In 1956, despite his lack of secondary school title, Mr. Young entered the University of Texas Tech. He moved to Rice University in Houston and graduated in 1963 with the title of philosophy and architecture. He then worked on historical protection projects throughout the city.
In 1967 he arrived at Columbia University to complete the master’s degree in the new historical monument program of the Architectural School.
A year later he joined dozens of students to the occupation of Avery Hall, the main building of the university architecture, during the protests against Columbia to involve in the Vietnam War and his Plans for new gyms in Harlem.
Although he became the leader of the protesters, he was not excluded and graduated in 1969.

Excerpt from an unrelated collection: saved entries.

(* The mean value theorem fails for complex-valued maps: restrict F to the real
   segment from a to b and apply it to the real part. *)
Lemma derive0_ball_Re (F : C -> C) (a r b : C) :
  (forall z, ball a r z -> is_derive z 1 F 0) -> ball a r b -> Re (F b) = Re (F a).
Proof.
move=> F'0 ab; pose u := b - a; pose g y := Re (F (a + y%:C * u)).
have g'0 (y : R) : 0 <= y <= 1 -> is_derive y 1 g 0.
  move=> /andP[y0 y1]; have /F'0[dF dF0] : ball a r (a + y%:C * u).
    rewrite /ball /= opprD addrA subrr add0r normrN normrM normc_real.
    apply: le_lt_trans (_ : `|u| < r); last by rewrite distrC.
    by apply: ler_piMl => //; rewrite -[1]/((1 : R)%:C) lecR ger0_norm.
  by apply: is_derive_eq (is_derive_Re_line dF) _; rewrite dF0 mulr0.
have g'0_itv (y : R) : y \in `]0, 1[ -> is_derive y 1 g ((fun=> 0) y).
  by rewrite in_itv /= => /andP[y0 y1]; apply: g'0; rewrite !ltW.
have g_cont : {within `[0 : R, 1], continuous g}.
  apply: continuous_in_subspaceT => y; rewrite inE /= in_itv /= => /g'0[dg _].
  exact/differentiable_continuous/derivable1_diffP.
have [c _] := MVT ltr01 g'0_itv g_cont.
rewrite mul0r => /eqP; rewrite subr_eq0 /g /u => /eqP.
by rewrite mul1r addrC subrK mul0r addr0.
Qed.

Lemma derive0_ball_const (F : C -> C) (a r b : C) :
  (forall z, ball a r z -> is_derive z 1 F 0) -> ball a r b -> F b = F a.
Proof.
move=> F'0 ab; have iF'0 z : ball a r z -> is_derive z 1 (F * cst ('i%C : C)) 0.
  move=> /F'0 F'z.
  apply: is_derive_eq (is_deriveM F'z (is_derive_cst ('i%C : C) z 1)) _.
  by rewrite !scaler0 addr0.
have /= := derive0_ball_Re iF'0 ab; rewrite !ReiNIm => /oppr_inj ImFba.
by apply/eqP; rewrite eq_complex (derive0_ball_Re F'0 ab) ImFba !eqxx.
Qed.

The first wife of Mr. Young, Martha (Calhoun) Young, died in 1968 and had him raised by her four children. His second marriage, with Marjorie Hoog, ended in divorce. In 1990, Mrs. Nansios met; They got married in 1998.
Along with her, three children from his first marriage survived, Marcolm, Lilac and Anina Young, as well as two grandchildren. His daughter Dara, also from his first marriage, died earlier. He lived in Manhattan.
Mr. Young never stopped practicing architecture, even after he founded Cryptome. He and Mrs. Natsios kept the web partially partially to save time and money; It insisted that it took only a few hours of work a week and about $ 2,000 a year.
He insisted that it was a public service, his way to return.
“The thing that created the Internet and 90 and 90. And in the early 1920s, there were people like John Young,” said Mrs. Cohn, “who simply appeared and began to do things that were interesting and useful and important and were stubborn enough to achieve them.”